To establish security following a violent conflict, the culture of violence must be thoroughly transformed by gender policy and feminist perspectives. The state plays a two-sided role in this multi-layered process: On the one hand it provides security, yet its gender blind structures also pose specific potential threats to women and girls. When violence escalates, the integrity of the state often disintegrates. 

Two of the greatest challenges in conflict management are to disempower violent perpetrators and to restore a functioning rule of law. These objectives are particularly important for women, due to the fact that sexualized violence increases in violent contexts.

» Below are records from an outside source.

Lemma is_series_kernel_term (r : nat) (y : R) : (2 <= r)%nat -> y <> 0 -> Rabs y < 1 ->
  is_series (kernel_term r y)
    ((- ln (1 - y ^ 2) + LogP_sym r y / y ^ (r - 1)) / INR (r - 1)).
Proof.
  intros Hr Hy0 Hy.
  assert (Hb := is_series_ln_1m_sq y Hy).
  assert (Hc := is_series_LogP_sym_tail r y ltac:(lia) Hy).
  assert (H := is_series_scal (/ INR (r - 1)) _ _
      (is_series_minus _ _ _ _ Hb (is_series_scal (2 / y ^ (r - 1)) _ _ Hc))).
  assert (Hpow : y ^ (r - 1) <> 0) by (apply pow_nonzero; exact Hy0).
  assert (Hr1 : INR (r - 1) = INR r - 1) by (rewrite minus_INR by lia; reflexivity).
  assert (1 < INR r) by (apply lt_1_INR; lia).
  replace ((- ln (1 - y ^ 2) + LogP_sym r y / y ^ (r - 1)) / INR (r - 1)) with
    (scal (/ INR (r - 1)) (minus (- ln (1 - y ^ 2)) (scal (2 / y ^ (r - 1)) (- LogP_sym r y / 2))))
    by (unfold scal, minus, plus, opp; simpl; unfold mult; simpl; field; lra).
  refine (is_series_ext _ _ _ _ H). intro p.
  change (/ INR (r - 1) * ((y ^ 2) ^ S p / INR (S p)
      - 2 / y ^ (r - 1) * (y ^ S (r + 2 * p) / INR (S (r + 2 * p)))) = kernel_term r y p).
  unfold kernel_term. rewrite <- pow_mult.
  replace (S (r + 2 * p)) with (r - 1 + 2 * S p)%nat by lia. rewrite pow_add.
  rewrite plus_INR, mult_INR, Hr1, !S_INR. simpl (INR 0).
  assert (0 <= INR p) by apply pos_INR.
  (* [field] must see the powers with symbolic exponents as atoms. *)
  set (a := y ^ (2 * S p)). set (b := y ^ (r - 1)) in *.
  field. repeat split; lra.
Qed.

Definition half_inv_odd (k : nat) : R := / (2 * (2 * INR k + 1)).

Lemma half_inv_odd_bounds (k : nat) : 0 < half_inv_odd k <= / 2.
Proof.
  unfold half_inv_odd. assert (0 <= INR k) by apply pos_INR. split.
  - apply Rinv_0_lt_compat. lra.
  - apply Rinv_le_contravar; lra.
Qed.

(* [wallis_factor n = (2n + 3)^2 / (4 (n + 1) (n + 2))], the reciprocal of a factor of
   Wallis' product. *)
Definition wallis_factor (n : nat) : R := 1 + / (4 * INR (S n) * INR (S (S n))).

Fixpoint wallis_ln (n : nat) : R :=
  match n with
  | O => 0
  | S n => wallis_ln n + ln (wallis_factor n)
  end.

Lemma ln_wallis_step (M : nat) :
  2 * ln (1 - half_inv_odd (S M) ^ 2) + ln (wallis_factor M)
  = ln (wallis_factor (S (2 * M))) + ln (wallis_factor (S (S (2 * M)))).
Proof.
  assert (Hpos : forall n, 0 < wallis_factor n).
  { intro n. unfold wallis_factor.
    assert (0 < / (4 * INR (S n) * INR (S (S n)))); [| lra].
    apply Rinv_0_lt_compat. rewrite !S_INR. pose proof (pos_INR n). nra. }
  assert (Hy := half_inv_odd_bounds (S M)).
  assert (Hy2 : 0 < 1 - half_inv_odd (S M) ^ 2) by nra.
  replace (2 * ln (1 - half_inv_odd (S M) ^ 2))
    with (ln (1 - half_inv_odd (S M) ^ 2) + ln (1 - half_inv_odd (S M) ^ 2)) by ring.
  rewrite <- !ln_mult by first [apply Hpos | apply Rmult_lt_0_compat; auto | auto].
  apply f_equal. unfold half_inv_odd, wallis_factor. rewrite !S_INR, mult_INR.
  pose proof (pos_INR M). simpl (INR 2).
  field. repeat split; nra.
Qed.
(* Let $n\ge2$, $l_1,\dots,l_n\ge0$, with $l_{\max},l_{\min},i_M\neq i_m$ as below. Then $$Z_a\cap Z_{Br}=\prod_{m\ge1}\Phi_m^{\lfloor\frac{2l_{\max}+1}{m}\rfloor-\lfloor\frac{l_{\max}}{m}\rfloor-\lfloor\frac1m\rfloor+\max\left(0,\ \sum_{i\neq i_M,i_m}t_{l_i,m}-\lfloor\frac{l_{\min}}{m}\rfloor\right)}\,\mathbb{Z}[q,q^{-1}].$$
   Context: In $\mathbb{Z}[q,q^{-1}]$ set $\{i\}_q=q^i-1$, $\{i\}_{q,n}=\{i\}_q\cdots\{i-n+1\}_q$ (equal to $1$ for $n=0$), $\{n\}_q!=\{n\}_{q,n}$. For $l\ge0$, $I_l$ is the ideal generated by $f_{l,k}=\{l-k\}_q!\{k\}_q!$, $0\le k\le l$. Let $l_{\max}=\max_i l_i$, $l_{\min}=\min_i l_i$, and fix $i_M\ne i_m$ with $l_{i_M}=l_{\max}$, $l_{i_m}=l_{\min}$. Define $Z_a=\frac{\{2l_{\max}+1\}_{q,l_{\max}+1}}{\{1\}_q}\mathbb{Z}[q,q^{-1}]$ and $Z_{Br}=\frac{\{2l_{\max}+1\}_{q,l_{\max}+1}}{\{1\}_q\{l_{\min}\}_q!}\prod_{i\neq i_M,i_m}I_{l_i}$ (product of ideals over $i\in\{1,\dots,n\}\setminus\{i_M,i_m\}$). $t_{l,m}=\lfloor\frac{l+1}{m}\rfloor-1$ for $1\le m\le l$, $t_{l,m}=0$ for $m>l$. $\Phi_m$ is the $m$th cyclotomic polynomial. (The paper writes $\lfloor\frac{l_{\max}-1}{m}\rfloor$ in place of $\lfloor\frac{l_{\max}}{m}\rfloor$, a misprint inconsistent with the definitions and with the paper's examples.) *)

From HB Require Import structures.
From mathcomp Require Import all_boot all_order all_algebra all_field.
Set Implicit Arguments. Unset Strict Implicit. Unset Printing Implicit Defensive.
Import Order.TTheory GRing.Theory Num.Theory.
Local Open Scope ring_scope.

(* Q(q): the fraction field of Z[q]; Z[q,q^{-1}] sits inside it. *)
Notation Kq := {fraction {poly int}}.
Notation "p %:K" := (tofrac p) (at level 2, format "p %:K").

Definition laurent (x : Kq) : Prop :=
  exists (p : {poly int}) (k : nat), x = p%:K / ('X^k)%:K.

Definition qb (i : nat) : {poly int} := 'X^i - 1.
(* {i}_{q,n} = {i}_q ... {i-n+1}_q  (only used with n <= i) *)
Definition qfall (i n : nat) : {poly int} := \prod_(j < n) qb (i - j).
Definition qfact (n : nat) : {poly int} := qfall n n.

Definition fgen (l k : nat) : {poly int} := qfact (l - k) * qfact k.

Definition Iid (l : nat) (x : Kq) : Prop :=
  exists c : 'I_l.+1 -> Kq, (forall k, laurent (c k)) /\
    x = \sum_(k < l.+1) c k * (fgen l k)%:K.

Definition idprod (P Q : Kq -> Prop) (x : Kq) : Prop :=
  exists s : seq (Kq * Kq), (forall u, u \in s -> P u.1 /\ Q u.2) /\
    x = \sum_(u <- s) u.1 * u.2.

Definition idbigprod (n : nat) (l : 'I_n -> nat) (s : seq 'I_n) : Kq -> Prop :=
  foldr (fun i acc => idprod (Iid (l i)) acc) laurent s.

Definition scaleset (c : Kq) (J : Kq -> Prop) (x : Kq) : Prop :=
  exists y, J y /\ x = c * y.

Definition lmax (n : nat) (l : 'I_n -> nat) : nat := \max_(i < n) l i.
Definition lmin (n : nat) (l : 'I_n -> nat) : nat := \big[minn/lmax l]_(i < n) l i.

Definition tlm (l m : nat) : nat := if (m <= l)%N then ((l.+1 %/ m).-1)%N else 0%N.

Definition Za (n : nat) (l : 'I_n -> nat) : Kq -> Prop :=
  scaleset ((qfall (2 * lmax l).+1 (lmax l).+1)%:K / (qb 1)%:K) laurent.

Definition ZBr (n : nat) (l : 'I_n -> nat) (iM im : 'I_n) : Kq -> Prop :=
  scaleset ((qfall (2 * lmax l).+1 (lmax l).+1)%:K / ((qb 1)%:K * (qfact (lmin l))%:K))
    (idbigprod l [seq i <- enum 'I_n | (i != iM) && (i != im)]).

(* exponent of Phi_m; both nat subtractions are of nonnegative quantities
   (the second one is exactly max(0, .)) *)
Definition expo (n : nat) (l : 'I_n -> nat) (iM im : 'I_n) (m : nat) : nat :=
  ((((2 * lmax l).+1 %/ m) - (lmax l %/ m) - (1 %/ m))
   + ((\sum_(i <- [seq i <- enum 'I_n | (i != iM) && (i != im)]) tlm (l i) m)
      - (lmin l %/ m)))%N.

(* the product over m >= 1; all factors with m > 2 lmax + 1 have exponent 0 *)
Definition RHSgen (n : nat) (l : 'I_n -> nat) (iM im : 'I_n) : {poly int} :=
  \prod_(1 <= m < (2 * lmax l).+2) ('Phi_m) ^+ expo l iM im m.

(* The intersection Z_a ∩ Z_Br is computed by factoring everything into
   cyclotomic polynomials inside Q(q).  Every polynomial appearing in the
   statement ({i}_q, {i}_{q,n}, {n}_q!, f_{l,k}) is a product
   cprod N e = ∏_{1 <= m < N} Φ_m^(e m) with an explicit exponent function e.
   The proof then rests on three facts:
   - two distinct cyclotomic polynomials are comaximal in Z[q] up to a nonzero
     integer constant, and exactly comaximal when neither index divides the
     other (Bezout identities for q^a - 1 and q^b - 1);
   - the ideal I_l is principal, generated by ∏_m Φ_m^(t_{l,m}): the gcd of
     f_{l,0}, ..., f_{l,j} is built generator by generator, and at each step the
     two cofactors only involve mutually non-dividing indices, hence generate 1;
   - in Z[q,q^{-1}], if cprod a * y = cprod b * z then cprod (b - a) divides y.
   Consequently Z_Br is a principal fractional ideal, and the intersection of
   two principal fractional ideals g and g * B/A is g * cprod (b - a), which is
   the announced product of cyclotomic polynomials. *)

From HB Require Import structures.
From mathcomp Require Import all_boot all_order all_algebra all_field.
From mathcomp Require Import ring zify.
Set Implicit Arguments. Unset Strict Implicit. Unset Printing Implicit Defensive.
Import Order.TTheory GRing.Theory Num.Theory.

(* Exponent of Φ_m in f_{l,j} = {l-j}_q! {j}_q!. *)
Definition fexp (l j m : nat) : nat := (l - j) %/ m + j %/ m.

(* Exponent of Φ_m in gcd(f_{l,0}, ..., f_{l,j}): Φ_m loses one factor from
   l/m as soon as some split (l-k) + k with k <= j carries modulo m, which
   first happens at k = (l mod m) + 1 and only when l mod m <= m - 2. *)
Definition gexp (l j m : nat) : nat :=
  l %/ m - (((l %% m).+2 <= m) && (l %% m < j)).

Lemma divn_carry l j m : 0 < m -> j <= l ->
  l %/ m = fexp l j m + (m <= (l - j) %% m + j %% m).
Proof. by move=> m0 jl; rewrite /fexp -divnD // subnK. Qed.

Lemma modn_carry l j m : 0 < m -> j <= l ->
  l %% m = (l - j) %% m + j %% m - (m <= (l - j) %% m + j %% m) * m.
Proof. by move=> m0 jl; rewrite -modnD // subnK. Qed.

Lemma gexp_le_fexp l j m : 0 < m -> j <= l -> gexp l j m <= fexp l j m.
Proof.
move=> m0 jl; rewrite /gexp (divn_carry m0 jl).
have := modn_carry m0 jl; have := ltn_pmod (l - j) m0.
have := ltn_pmod j m0; have := leq_mod j m.
case: (leqP m ((l - j) %% m + j %% m)) => carry /=; last by rewrite addn0 leq_subr.
move: (l %% m) ((l - j) %% m) (j %% m) carry => r x y carry y_le_j y_lt x_lt.
rewrite mul1n => er.
have [-> ->] : r.+2 <= m /\ r < j by lia.
by rewrite addnK.
Qed.

Lemma gexp_nonincr l j m : gexp l j.+1 m <= gexp l j m.
Proof.
rewrite /gexp; apply: leq_sub2l.
case: ((l %% m).+2 <= m) => //=; case: (ltnP (l %% m) j) => // h.
by rewrite (ltn_trans h (ltnSn j)).
Qed.

Lemma gexp_antimono l j j' m : j <= j' -> gexp l j' m <= gexp l j m.
Proof.
elim: j' => [|j' IH]; first by rewrite leqn0 => /eqP ->.
rewrite leq_eqVlt => /orP [/eqP -> //|]; rewrite ltnS => h.
exact: leq_trans (gexp_nonincr l j' m) (IH h).
Qed.

Lemma gexp0 l m : gexp l 0 m = fexp l 0 m.
Proof. by rewrite /gexp /fexp ltn0 andbF !subn0 div0n addn0. Qed.

Lemma gexp_tlm l m : 0 < m -> gexp l l m = tlm l m.
Proof.
move=> m0; rewrite /gexp /tlm; case: (leqP m l) => ml; last by rewrite divn_small.
have rl : l %% m < l by apply: leq_trans ml; apply: ltn_pmod.
rewrite rl andbT (divnS _ m0) -subn1.
have e : l.+1 %% m = (l %% m).+1 %% m by rewrite -addn1 -modnDml addn1.
case: (ltnP (l %% m).+1 m) => h.
  by rewrite /dvdn e modn_small // add0n.
have hm : (l %% m).+1 = m by apply/eqP; rewrite eqn_leq h ltn_pmod.
by rewrite /dvdn e hm modnn /= subn0 add1n subn1.
Qed.

Lemma gexp_drop l j m : gexp l j.+1 m < gexp l j m -> l %% m = j /\ j.+2 <= m.
Proof.
rewrite /gexp; case room: ((l %% m).+2 <= m); rewrite ?ltnn //=.
case: (ltnP (l %% m) j) => h1; first by rewrite (ltn_trans h1 (ltnSn j)) ltnn.
case: (ltnP (l %% m) j.+1) => h2; last by rewrite ltnn.
have e : l %% m = j by apply/eqP; rewrite eqn_leq h1 -ltnS h2.
by split=> //; rewrite -e.
Qed.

It is thus in women’s interests to restore the state’s monopoly on violence and to penalize each individual act of violence. 

Although the state can act as a guarantor of security for women, it can also be a source of insecurity. Every security strategy, therefore, must be examined for its effects on gender and population groups. Security must include legally guaranteed protection against sexualized violence, which means passing the requisite legislation, training police forces, sensitizing judges, and setting up shelters and hotlines. Both genders must have opportunities to address the traumas of war and sexualized violence. Victims of violence require special support, while perpetrators must be publicly prosecuted within the legal system, to transform the culture of violence in a postwar society. Prerequisites for this include a broad concept of security, sensitization of the police and judicial staff, better protection for victims, and support for witnesses who testify against perpetrators. The most important allies in this process are the local initiatives that address the subject of sexualized violence – a taboo in many societies – in culturally and politically sensitive ways. 

Different needs must be addressed when demobilizing male and female combatants. There must, for instance, be specific re-integration programs for women and men, to counteract social ostracism should they not wish to revert to their old gender roles.